Last updated: March 23, 2026

Getting OnRamp configured upfront means your team can hit the ground running from day one. This guide walks through the full admin setup in the order that works best for most teams — from branding and users through playbooks, automation, and reporting.

Your goal isn't perfection on day one. It's getting OnRamp ready for real usage, testing, and iteration.

Before you begin: You'll need Super Admin access to complete this setup. Gather your branding assets (logo, colors), team list, and any integration credentials (Salesforce, HubSpot, Slack) before you start.


1. Set Up Your Profile

Your profile shows up in comments, task assignments, and project views — for both your team and your customers. Make it recognizable.

  1. Click your avatar in the top-right corner.

  2. Select My Profile.

  3. Upload a photo and fill in your details.


2. Configure Your Workspace and Portal Branding

The portal is what your customers see — make it feel like yours. These basics affect everything downstream, including what customers see, so it's worth getting them right early.

  1. Go to Settings › Portal.

  2. Upload your logo and set brand colors.

  3. Update the default language and time zone.

  4. Configure notification settings for your workspace.

To set up a custom domain (e.g., onboard.yourcompany.com), see Configure a Branded Customer URL.


3. Invite the Right Users (to Start)

At this stage, don't onboard your entire CS team — invite a small core group who will help with setup, configuration, and testing. You can expand access once things are running smoothly.

  1. Go to Administration › Users.

  2. Click Add User and choose internal (your team) or customer (the organization you're onboarding).

  3. Assign the appropriate user type (Super Admin, Creator, Collaborator, Contributor, etc.).

See Understand User Types and Permissions in OnRamp for a full breakdown of what each role can do.


4. Configure Data Fields

Data fields let you track custom information that matters to your organization — things like kickoff date, industry, or contract tier.

  1. Navigate to Settings › Data Fields.

  2. Add or edit fields for Projects, Tasks, or Users.

  3. Choose field types (text, dropdown, date, etc.) and set visibility.


5. Create Your First Playbook (Keep It Simple)

Before automation, you need a process. A Playbook is your reusable onboarding recipe — build your standard process once, then launch it for every new customer.
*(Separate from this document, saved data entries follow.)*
(* Let $(S,\mathfrak{n})$ be a complete Noetherian local ring with coefficient field $k$, $\Gamma$ a standard set of monomials in $k[T_1,\dots,T_r]$, and $I$ an $\mathfrak{n}$-primary ideal with a generating sequence $x_1,\dots,x_r$ which is $\Gamma$-expandable. Let $f_1,\dots,f_l\in S$ be such that their images form a $k$-basis of $S/I$. For a positive integer $t$ put $A_{1,t}=\{f_iu(x)\mid 1\le i\le l,\ u\in\Gamma,\ f_iu(x)\notin\mathfrak{n}^t\}$ and $A_{2,t}=\{f_iu(x)\mid 1\le i\le l,\ u\in\Gamma,\ \operatorname{ord}(f_i)+\sum_j\operatorname{ord}(x_j)\deg_{T_j}(u)<t\}$. Then: (1) $S/\mathfrak{n}^t$ is spanned over $k$ by the images of $A_{1,t}$; (2) $A_{1,t}\subseteq A_{2,t}$, so $S/\mathfrak{n}^t$ is spanned by the images of $A_{2,t}$; (3) if $A_{2,t}$ is $k$-linearly independent modulo $\mathfrak{n}^t$, then its image is a $k$-basis of $S/\mathfrak{n}^t$ and $\dim_kS/\mathfrak{n}^t=|A_{2,t}|$.
   Context: $\operatorname{ord}(f)$ for $f\ne0$ is the integer $t$ with $f\in\mathfrak{n}^t\setminus\mathfrak{n}^{t+1}$ ($\infty$ for $f=0$). A standard set is a set of monomials closed under taking divisors. For $u=T_1^{a_1}\cdots T_r^{a_r}$, $u(x)=x_1^{a_1}\cdots x_r^{a_r}$. A lifting is a map $\sigma:S/I\to S$ with $\sigma(0)=0$ and $\pi\circ\sigma=\mathrm{id}_{S/I}$. $x_1,\dots,x_r$ is $\Gamma$-expandable if for every lifting $\sigma$ every $f\in S$ has a unique representation $f=\sum_{u\in\Gamma}f_uu(x)$ (convergent sum) with all $f_u\in\sigma(S/I)$. *)

From mathcomp Require Import all_boot all_order all_algebra.
From Stdlib Require Import ClassicalEpsilon.
Set Implicit Arguments. Unset Strict Implicit. Unset Printing Implicit Defensive.
Import GRing.Theory.
Local Open Scope ring_scope.

Section Defs.
Variable S : comNzRingType.

Definition is_ideal (J : S -> Prop) : Prop :=
  [/\ J 0, (forall a b, J a -> J b -> J (a + b)) & (forall a b, J b -> J (a * b))].

Definition proper_ideal (J : S -> Prop) : Prop := is_ideal J /\ ~ J 1.

Fixpoint idpow (J : S -> Prop) (t : nat) : S -> Prop :=
  match t with
  | 0 => fun _ => True
  | t'.+1 => fun y => exists s : seq (S * S),
      (forall p, p \in s -> idpow J t' p.1 /\ J p.2) /\ y = \sum_(p <- s) p.1 * p.2
  end.

Definition is_local (n : S -> Prop) : Prop :=
  proper_ideal n /\ forall J, proper_ideal J -> forall a, J a -> n a.

Definition noetherian : Prop :=
  forall J : S -> Prop, is_ideal J -> exists g : seq S,
    forall y, J y <-> exists c : 'I_(size g) -> S, y = \sum_(i < size g) c i * g`_i.

(* n-adically complete (and separated): S -> lim S/n^t is an isomorphism *)
Definition adic_complete (n : S -> Prop) : Prop :=
  (forall a : nat -> S,
     (forall t, exists N, forall m p, (N <= m)%N -> (N <= p)%N -> idpow n t (a m - a p)) ->
     exists L, forall t, exists N, forall m, (N <= m)%N -> idpow n t (a m - L))
  /\ (forall y, (forall t, idpow n t y) -> y = 0).

(* k is a coefficient field: iota : k -> S, and k -> S/n is bijective *)
Definition coefficient_field (k : fieldType) (iota : {rmorphism k -> S}) (n : S -> Prop) :=
  forall s : S, exists c : k, n (s - iota c) /\ forall c', n (s - iota c') -> c' = c.

Definition primary_ideal (I : S -> Prop) : Prop :=
  proper_ideal I /\ forall a b, I (a * b) -> ~ I a -> exists m, I (b ^+ m).
Definition is_primary_for (n I : S -> Prop) : Prop :=
  primary_ideal I /\ forall a, n a <-> exists m, I (a ^+ m).

Definition generates (r : nat) (x : 'I_r -> S) (I : S -> Prop) : Prop :=
  forall y, I y <-> exists c : 'I_r -> S, y = \sum_(i < r) c i * x i.

Definition monomial (r : nat) := {ffun 'I_r -> nat}.
Definition mon_eval (r : nat) (u : monomial r) (x : 'I_r -> S) : S :=
  \prod_(i < r) x i ^+ u i.

Definition standard_set (r : nat) (G : monomial r -> Prop) : Prop :=
  forall u v : monomial r, G v -> (forall i, (u i <= v i)%N) -> G u.

(* liftings S/I -> S, represented as maps S -> S constant on classes mod I:
   sigma a = lifting of the class of a *)
Definition lifting (I : S -> Prop) (sigma : S -> S) : Prop :=
  [/\ forall a b, I (a - b) -> sigma a = sigma b,
      forall a, I (sigma a - a) & sigma 0 = 0].

(* n-adically convergent sum over G (unconditional convergence) *)
Definition has_sum (n : S -> Prop) (r : nat) (G : monomial r -> Prop)
  (a : monomial r -> S) (f : S) : Prop :=
  forall t, exists F : seq (monomial r), (forall u, u \in F -> G u) /\
    forall H : seq (monomial r), uniq H -> (forall u, u \in H -> G u) ->
      {subset F <= H} -> idpow n t (f - \sum_(u <- H) a u).

Definition expandable (n I : S -> Prop) (r : nat) (x : 'I_r -> S)
  (G : monomial r -> Prop) : Prop :=
  forall sigma, lifting I sigma -> forall f : S,
    (exists fu : monomial r -> S, (forall u, G u -> exists s, fu u = sigma s) /\
        has_sum n G (fun u => fu u * mon_eval u x) f) /\
    (forall fu gu : monomial r -> S,
        (forall u, G u -> exists s, fu u = sigma s) ->
        (forall u, G u -> exists s, gu u = sigma s) ->
        has_sum n G (fun u => fu u * mon_eval u x) f ->
        has_sum n G (fun u => gu u * mon_eval u x) f ->
        forall u, G u -> fu u = gu u).

(* ord : None stands for infinity *)
Definition ord (n : S -> Prop) (f : S) : option nat :=
  match excluded_middle_informative
          (exists t, idpow n t f /\ ~ idpow n t.+1 f) with
  | left H => Some (proj1_sig (constructive_indefinite_description _ H))
  | right _ => None
  end.

Definition oadd (a b : option nat) : option nat :=
  match a, b with Some a, Some b => Some (a + b)%N | _, _ => None end.
(* o * d with the convention infinity * 0 = 0 *)
Definition omuln (a : option nat) (d : nat) : option nat :=
  if d == 0%N then Some 0%N else
  match a with Some a => Some (a * d)%N | None => None end.

Definition spans_mod (k : fieldType) (iota : {rmorphism k -> S}) (J A : S -> Prop) :=
  forall s : S, exists cs : seq (k * S), (forall p, p \in cs -> A p.2) /\
    J (s - \sum_(p <- cs) iota p.1 * p.2).
Definition indep_mod (k : fieldType) (iota : {rmorphism k -> S}) (J A : S -> Prop) :=
  forall (s : seq S) (c : S -> k), uniq s -> (forall a, a \in s -> A a) ->
    J (\sum_(a <- s) iota (c a) * a) -> forall a, a \in s -> c a = 0.
Definition basis_mod (k : fieldType) (iota : {rmorphism k -> S}) (J : S -> Prop) (s : seq S) :=
  [/\ uniq s, spans_mod iota J (fun a => a \in s) & indep_mod iota J (fun a => a \in s)].

Definition A1 (n : S -> Prop) (l r : nat) (f : 'I_l -> S) (x : 'I_r -> S)
  (G : monomial r -> Prop) (t : nat) (y : S) : Prop :=
  exists i u, G u /\ y = f i * mon_eval u x /\ ~ idpow n t (f i * mon_eval u x).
Start with one or two Playbooks covering your most common onboarding flow. Focus on a small number of clear modules, meaningful tasks in logical order, and resist the urge to capture every edge case. Simple and usable beats complete and overwhelming.
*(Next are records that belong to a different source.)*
(* For every $n>3$, the only graph with $n$ vertices that is minor minimal with respect to spherical dimension $n-1$ is $K_{n-3}+\epsilon_3$; that is, $\mathbb{S}_n=\{K_{n-3}+\epsilon_3\}$.
   Context: All graphs are finite and simple; $\epsilon_3$ is the graph with three vertices and no edges, and $G+H$ is obtained from disjoint copies of $G$ and $H$ by adding all edges between them. A minor of $G$ is a graph obtained by a sequence of vertex deletions, edge deletions and edge contractions (discarding loops and multiple edges). A unit-distance embedding of $G$ in $\mathbb{R}^n$ is an injective map $f$ from the vertex set to $\mathbb{R}^n$ with $|f(u)-f(v)|=1$ for every edge $uv$ and no $f(w)$ on the segment $[f(u),f(v)]$ for an edge $uv$ with $w\notin\{u,v\}$. $G$ admits a spherical embedding of dimension $k$ and radius $r$ if $G$ has a unit-distance embedding in $\mathbb{R}^k$ all of whose vertices lie on a sphere $\{x\in\mathbb{R}^k:|x-c|=r\}$. $\operatorname{sdim}G$ is the least $k$ such that $G$ admits a spherical embedding of dimension $k$ and some radius $r<1$. $G$ is minor minimal with respect to spherical dimension $d$ if $\operatorname{sdim}G=d$ and every proper minor of $G$ has spherical dimension less than $d$. $\mathbb{S}_n$ denotes the set of $n$-vertex graphs that are minor minimal with respect to spherical dimension $n-1$. *)

From HB Require Import structures.
From mathcomp Require Import all_boot all_order all_algebra.
From mathcomp Require Import Rstruct.
Set Implicit Arguments. Unset Strict Implicit. Unset Printing Implicit Defensive.
Import Order.TTheory GRing.Theory Num.Theory.
Local Open Scope ring_scope.

Notation RR := Rdefinitions.R.

Definition simple_graph (T : finType) (e : rel T) : Prop :=
  symmetric e /\ irreflexive e.

Definition graph_iso (T' T : finType) (e' : rel T') (e : rel T) : Prop :=
  exists f : T' -> T, bijective f /\ forall x y, e' x y = e (f x) (f y).

Definition connected_set (T : finType) (e : rel T) (S : {set T}) : Prop :=
  forall a b, a \in S -> b \in S ->
    connect (fun x y => [&& e x y, x \in S & y \in S]) a b.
  1. Go to Library › Playbooks.

  2. Create a new Playbook from scratch or import an existing template.

  3. Define modules, tasks, and assign Task Roles.
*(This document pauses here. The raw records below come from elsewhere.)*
Definition span_rel (x y : span_index) : Prop :=
  match x, y with
  | inl a, inl a' => a = a'
  | inl a, inr (inl b) => projT1 f a = b
  | inl a, inr (inr c) => projT1 g a = c
  | inr (inl b), inr (inl b') => b = b'
  | inr (inr c), inr (inr c') => c = c'
  | _, _ => False
  end.

Lemma span_rel_refl (x : span_index) : span_rel x x.
Proof. destruct x as [a|[b|c]]; reflexivity. Qed.

Lemma span_rel_trans (x y z : span_index) : span_rel x y -> span_rel y z -> span_rel x z.
Proof.
  destruct x as [a|[b|c]], y as [a'|[b'|c']], z as [a''|[b''|c'']]; simpl;
  intros; subst; try contradiction; reflexivity.
Qed.

Definition span_obj (x : span_index) : Ob D :=
  match x with
  | inl a => tw_fam D A a
  | inr (inl b) => tw_fam D B b
  | inr (inr c) => tw_fam D C c
  end.

Definition span_map (x y : span_index) : span_rel x y -> @Hom D (span_obj x) (span_obj y) :=
  match x, y return span_rel x y -> @Hom D (span_obj x) (span_obj y) with
  | inl a, inl _ => fun p => hcast (tw_fam D A) _ p (idm _)
  | inl a, inr (inl _) => fun p => hcast (tw_fam D B) _ p (projT2 f a)
  | inl a, inr (inr _) => fun p => hcast (tw_fam D C) _ p (projT2 g a)
  | inr (inl b), inr (inl _) => fun p => hcast (tw_fam D B) _ p (idm _)
  | inr (inr c), inr (inr _) => fun p => hcast (tw_fam D C) _ p (idm _)
  | _, _ => fun p => match p with end
  end.

Lemma span_map_id (x : span_index) (p : span_rel x x) : span_map x x p = idm (span_obj x).
Proof.
  destruct x as [a|[b|c]]; simpl in p; rewrite (proof_irrelevance _ p eq_refl); reflexivity.
Qed.

Lemma span_map_comp (x y z : span_index) (p : span_rel x y) (q : span_rel y z)
  (t : span_rel x z) :
  span_map x z t = comp (span_map y z q) (span_map x y p).
Proof.
  destruct x as [a|[b|c]], y as [a'|[b'|c']], z as [a''|[b''|c'']]; simpl in p, q, t;
  try contradiction; subst; rewrite (proof_irrelevance _ t eq_refl); simpl;
  symmetry; first [apply comp_id_l | apply comp_id_r].
Qed.

Definition span_diagram :
  Functor (preorder_cat span_index span_rel span_rel_refl span_rel_trans) D.
Proof.
  refine {| fobj := span_obj : preorder_cat _ _ _ _ -> D; fmap := span_map |}.
  - intro x. apply span_map_id.
  - intros x y z q p. apply span_map_comp.
Defined.

Lemma span_index_finite : finite_type span_index.
Proof. repeat apply finite_type_sum; apply finite_type_fin. Qed.

End SpanDiagram.

Section Pushout.
Variables (D : Category) (A B C : TwOb D) (f : TwHom D A B) (g : TwHom D A C).

Local Notation V := (span_index D A B C).
Local Notation R := (span_rel D A B C f g).
Local Notation span_map := (span_map D A B C f g).
Local Notation span_obj := (span_obj D A B C).

Variables (m : nat) (cls : V -> Fin.t m).
Hypothesis cls_kernel : forall v w, cls v = cls w <-> clos_refl_sym_trans V R v w.
Hypothesis cls_surjective : forall K, exists v, cls v = K.

Local Notation fibre K :=
  (fibre_cat V R (span_rel_refl D A B C f g) (span_rel_trans D A B C f g) _ cls K).
Local Notation diagram K :=
  (fibre_diagram V R _ _ D (span_diagram D A B C f g) _ cls K).

Variables (cobj : Fin.t m -> Ob D)
  (cleg : forall (K : Fin.t m) (j : fibre K), @Hom D (diagram K j) (cobj K)).
Hypothesis cleg_colimit : forall K, is_colimit (diagram K) (cobj K) (cleg K).

Definition class_leg (v : V) : @Hom D (span_obj v) (cobj (cls v)) :=
  cleg (cls v) (exist _ v eq_refl).

Lemma cls_rel (v w : V) : R v w -> cls v = cls w.
Proof. intro r. apply cls_kernel, rst_step, r. Qed.

Lemma class_leg_natural (v w : V) (r : R v w) :
  comp (class_leg w) (span_map v w r) = hcast cobj (span_obj v) (cls_rel v w r) (class_leg v).
Proof.
  transitivity (cleg (cls w) (exist _ v (cls_rel v w r))).
  - exact (proj1 (cleg_colimit (cls w)) (exist _ v _) (exist _ w eq_refl) r).
  - unfold class_leg. destruct (cls_rel v w r). reflexivity.
Qed.

Definition pushout_ob : TwOb D := {| tw_n := m; tw_fam := cobj |}.

Definition pushout_inl : TwHom D B pushout_ob :=
  existT _ (fun b => cls (inr (inl b))) (fun b => class_leg (inr (inl b))).

Definition pushout_inr : TwHom D C pushout_ob :=
  existT _ (fun c => cls (inr (inr c))) (fun c => class_leg (inr (inr c))).

Lemma pushout_comm : tw_comp D pushout_inl f = tw_comp D pushout_inr g.
Proof.
  apply tw_hom_ext; simpl.
  - intro a. rewrite <- (cls_rel (inl a) (inr (inl (projT1 f a))) eq_refl).
    exact (cls_rel (inl a) (inr (inr (projT1 g a))) eq_refl).
  - intros a e.
    etransitivity;
      [apply f_equal, (class_leg_natural (inl a) (inr (inl (projT1 f a))) eq_refl)|].
    etransitivity;
      [|symmetry; apply (class_leg_natural (inl a) (inr (inr (projT1 g a))) eq_refl)].
    rewrite hcast_hcast. apply hcast_pi.
Qed.

Section Universal.
Variables (Q : TwOb D) (j1 : TwHom D B Q) (j2 : TwHom D C Q).
Hypothesis j_comm : tw_comp D j1 f = tw_comp D j2 g.

Definition span_cocone_index (v : V) : Fin.t (tw_n D Q) :=
  match v with
  | inl a => projT1 j1 (projT1 f a)
  | inr (inl b) => projT1 j1 b
  | inr (inr c) => projT1 j2 c
  end.

Definition span_cocone_mor (v : V) : @Hom D (span_obj v) (tw_fam D Q (span_cocone_index v)) :=
  match v with
  | inl a => comp (projT2 j1 (projT1 f a)) (projT2 f a)
  | inr (inl b) => projT2 j1 b
  | inr (inr c) => projT2 j2 c
  end.

Lemma span_cocone_index_rel (v w : V) : R v w -> span_cocone_index v = span_cocone_index w.
Proof.
  destruct v as [a|[b|c]], w as [a'|[b'|c']]; simpl; intros; subst;
  try contradiction; try reflexivity.
  exact (f_equal (fun h => projT1 h a) j_comm).
Qed.

Lemma span_cocone_index_cls (v w : V) :
  cls v = cls w -> span_cocone_index v = span_cocone_index w.
Proof.
  intro H. apply cls_kernel in H.
  induction H; [apply span_cocone_index_rel; assumption | reflexivity | congruence | congruence].
Qed.

Lemma span_cocone_mor_natural (v w : V) (r : R v w) :
  comp (span_cocone_mor w) (span_map v w r)
  = hcast (tw_fam D Q) (span_obj v) (span_cocone_index_rel v w r) (span_cocone_mor v).
Proof.
  generalize (span_cocone_index_rel v w r).
  destruct v as [a|[b|c]], w as [a'|[b'|c']]; simpl in r; try contradiction; subst;
  intro e; simpl; rewrite ?hcast_id.
  - apply comp_id_r.
  - reflexivity.
  - symmetry. rewrite (hcast_pi _ _ _ _ e (f_equal (fun h => projT1 h a) j_comm)).
    exact (tw_hom_eq_component D A Q _ _ j_comm a).
  - apply comp_id_r.
  - apply comp_id_r.
Qed.

Definition class_rep (K : Fin.t m) : V :=
  proj1_sig (constructive_indefinite_description _ (cls_surjective K)).

Lemma class_rep_spec (K : Fin.t m) : cls (class_rep K) = K.
Proof. exact (proj2_sig (constructive_indefinite_description _ (cls_surjective K))). Qed.

Definition mediating_index (K : Fin.t m) : Fin.t (tw_n D Q) :=
  span_cocone_index (class_rep K).

Lemma mediating_index_spec (v : V) (K : Fin.t m) :
  cls v = K -> span_cocone_index v = mediating_index K.
Proof. intro pv. apply span_cocone_index_cls. rewrite class_rep_spec. exact pv. Qed.

Definition class_cocone (K : Fin.t m) (j : fibre K) :
  @Hom D (diagram K j) (tw_fam D Q (mediating_index K)) :=
  hcast (tw_fam D Q) (span_obj (proj1_sig j))
    (mediating_index_spec _ _ (proj2_sig j)) (span_cocone_mor (proj1_sig j)).

Lemma class_cocone_is_cocone (K : Fin.t m) :
  is_cocone (diagram K) (tw_fam D Q (mediating_index K)) (class_cocone K).
Proof.
  intros [v pv] [w pw] r. unfold class_cocone; simpl.
  rewrite hcast_comp, span_cocone_mor_natural, hcast_hcast. apply hcast_pi.
Qed.

Definition mediating_component (K : Fin.t m) :
  @Hom D (cobj K) (tw_fam D Q (mediating_index K)) :=
  proj1_sig (constructive_indefinite_description _
    (proj2 (cleg_colimit K) _ (class_cocone K) (class_cocone_is_cocone K))).

Lemma mediating_component_spec (K : Fin.t m) :
  (forall j, comp (mediating_component K) (cleg K j) = class_cocone K j) /\
  (forall h, (forall j, comp h (cleg K j) = class_cocone K j) -> h = mediating_component K).
Proof.
  unfold mediating_component. destruct (constructive_indefinite_description _ _) as [h Hh].
  exact Hh.
Qed.

Definition mediating_map : TwHom D pushout_ob Q := existT _ mediating_index mediating_component.

Lemma mediating_map_leg (v : V) (e : mediating_index (cls v) = span_cocone_index v) :
  hcast (tw_fam D Q) (span_obj v) e (comp (mediating_component (cls v)) (class_leg v))
  = span_cocone_mor v.
Proof.
  etransitivity;
    [apply f_equal, (proj1 (mediating_component_spec (cls v)) (exist _ v eq_refl))|].
  unfold class_cocone; simpl. rewrite hcast_hcast. apply hcast_id.
Qed.

Lemma mediating_map_inl : tw_comp D mediating_map pushout_inl = j1.
Proof.
  apply tw_hom_ext; simpl.
  - intro b. symmetry. exact (mediating_index_spec (inr (inl b)) _ eq_refl).
  - intros b e. exact (mediating_map_leg (inr (inl b)) e).
Qed.

Lemma mediating_map_inr : tw_comp D mediating_map pushout_inr = j2.
Proof.
  apply tw_hom_ext; simpl.
  - intro c. symmetry. exact (mediating_index_spec (inr (inr c)) _ eq_refl).
  - intros c e. exact (mediating_map_leg (inr (inr c)) e).
Qed.

Lemma component_agrees_on_leg (w : TwHom D pushout_ob Q) (K : Fin.t m) (v : V)
  (pv : cls v = K) (e : projT1 w K = mediating_index K)
  (ev : projT1 w (cls v) = span_cocone_index v) :
  hcast (tw_fam D Q) (span_obj v) ev (comp (projT2 w (cls v)) (class_leg v))
  = span_cocone_mor v ->
  comp (hcast (tw_fam D Q) (cobj K) e (projT2 w K)) (cleg K (exist _ v pv))
  = class_cocone K (exist _ v pv).
Proof.
  intro Hv. subst K. rewrite hcast_comp.
  unfold class_cocone; simpl. rewrite <- Hv, hcast_hcast. apply hcast_pi.
Qed.

Lemma mediating_map_unique (w : TwHom D pushout_ob Q) :
  tw_comp D w pushout_inl = j1 -> tw_comp D w pushout_inr = j2 -> w = mediating_map.
Proof.
  intros H1 H2.
  assert (Hidx : forall v, projT1 w (cls v) = span_cocone_index v).
  { intros [a|[b|c]].
    - rewrite (cls_rel (inl a) (inr (inl (projT1 f a))) eq_refl).
      exact (f_equal (fun h => projT1 h (projT1 f a)) H1).
    - exact (f_equal (fun h => projT1 h b) H1).
    - exact (f_equal (fun h => projT1 h c) H2). }
  assert (Hagree_B : forall K b (pv : cls (inr (inl b)) = K) e,
             comp (hcast (tw_fam D Q) (cobj K) e (projT2 w K)) (cleg K (exist _ _ pv))
             = class_cocone K (exist _ _ pv))
    by (intros; exact (component_agrees_on_leg w _ _ pv e _
                         (tw_hom_eq_component _ _ _ _ _ H1 b))).
  apply tw_hom_ext; simpl.
  - intro K. rewrite <- (class_rep_spec K) at 1. apply Hidx.
  - intros K e. apply (proj2 (mediating_component_spec K)). intros [[a|[b|c]] pv].
    + (* the leg at [inl a] factors through the leg at [inr (inl (f a))] *)
      assert (pfa : cls (inr (inl (projT1 f a))) = K)
        by (rewrite <- pv; symmetry; apply cls_rel; reflexivity).
      apply (cocone_legs_agree_back (diagram K) _ _ (cleg K) (class_cocone K) _
               (proj1 (cleg_colimit K)) (class_cocone_is_cocone K)
               (exist _ (inl a) pv) (exist _ _ pfa) (eq_refl (projT1 f a))).
      apply Hagree_B.
    + apply Hagree_B.
    + exact (component_agrees_on_leg w _ _ pv e _ (tw_hom_eq_component _ _ _ _ _ H2 c)).
Qed.

Lemma pushout_universal :
  exists u : TwHom D pushout_ob Q,
    (tw_comp D u pushout_inl = j1 /\ tw_comp D u pushout_inr = j2) /\
    (forall v : TwHom D pushout_ob Q,
        tw_comp D v pushout_inl = j1 -> tw_comp D v pushout_inr = j2 -> v = u).
Proof.
  exists mediating_map.
  split; [split; [apply mediating_map_inl | apply mediating_map_inr]|].
  apply mediating_map_unique.
Qed.

End Universal.
End Pushout.

Theorem mainTheorem5 (D : Category) :
  has_finite_connected_colimits D -> has_pushouts (Tw D).
Proof.
  intros HD A B C f g.
  destruct (finite_quotient _ _ (clos_rst_is_equiv _ (span_rel D A B C f g))
              (span_index_finite D A B C)) as (m & cls & cls_kernel & cls_surjective).
  destruct (colimits_choice _ (fibre_diagram _ _ _ _ D (span_diagram D A B C f g) _ cls))
    as (cobj & cleg & cleg_colimit).
  { intro K. apply HD.
    - apply fibre_cat_finite, span_index_finite.
    - apply fibre_cat_connected; auto. }
  exists (pushout_ob D m cobj), (pushout_inl D A B C f g m cls cobj cleg),
    (pushout_inr D A B C f g m cls cobj cleg).
  split.
  - apply pushout_comm; assumption.
  - intros Q j1 j2 Hj. apply pushout_universal; assumption.
Qed.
6. Set Up Project Automation with Workflows

Once your Playbook is ready, use Workflows to automate project creation. Define what event triggers a project (usually a CRM event), which Playbook to use, and how project settings should be applied. This ensures the right project gets created, the same way, every time.

  1. Go to Settings › Integrations.

  2. Connect your CRM (Salesforce, HubSpot) and other tools.

  3. Follow the prompts to authorize and map fields.

  4. Configure Workflows to trigger project creation from CRM events.


7. Configure CRM Write-Backs and Lifecycle Automation

Set up automation for how OnRamp communicates back to your CRM as projects progress — writing back when a project starts, updating statuses as milestones are completed, or syncing key lifecycle moments. These automations keep systems aligned without manual updates.


8. Test with a Dummy Project

Before inviting real customers, launch a test project internally. Walk through it as if you were the customer, catch anything that feels off, and tighten it up.

  1. Create a test project.

  2. Assign tasks to teammates and run through the flow end to end.

  3. Adjust anything that doesn't feel right before going live.


9. Explore Views & Insights

Finally, spend time exploring Views and Insights — OnRamp's reporting and visibility tools. This is where you track project progress, spot bottlenecks, and understand how Playbooks are performing. You don't need to customize everything immediately — just get comfortable reading what OnRamp is telling you.


What to Skip for Now

Early on, it's fine to skip advanced permission models, complex branching logic, and rare edge cases. You'll make better decisions once you've seen real projects in motion.


Troubleshooting

  • Portal not matching your brand? Try a hard refresh (Cmd+Shift+R / Ctrl+Shift+R).

  • Users not seeing tasks? Check task visibility settings in the Playbook or Task editor.

  • Integration field mapping issues? Review your field mapping in Workflows.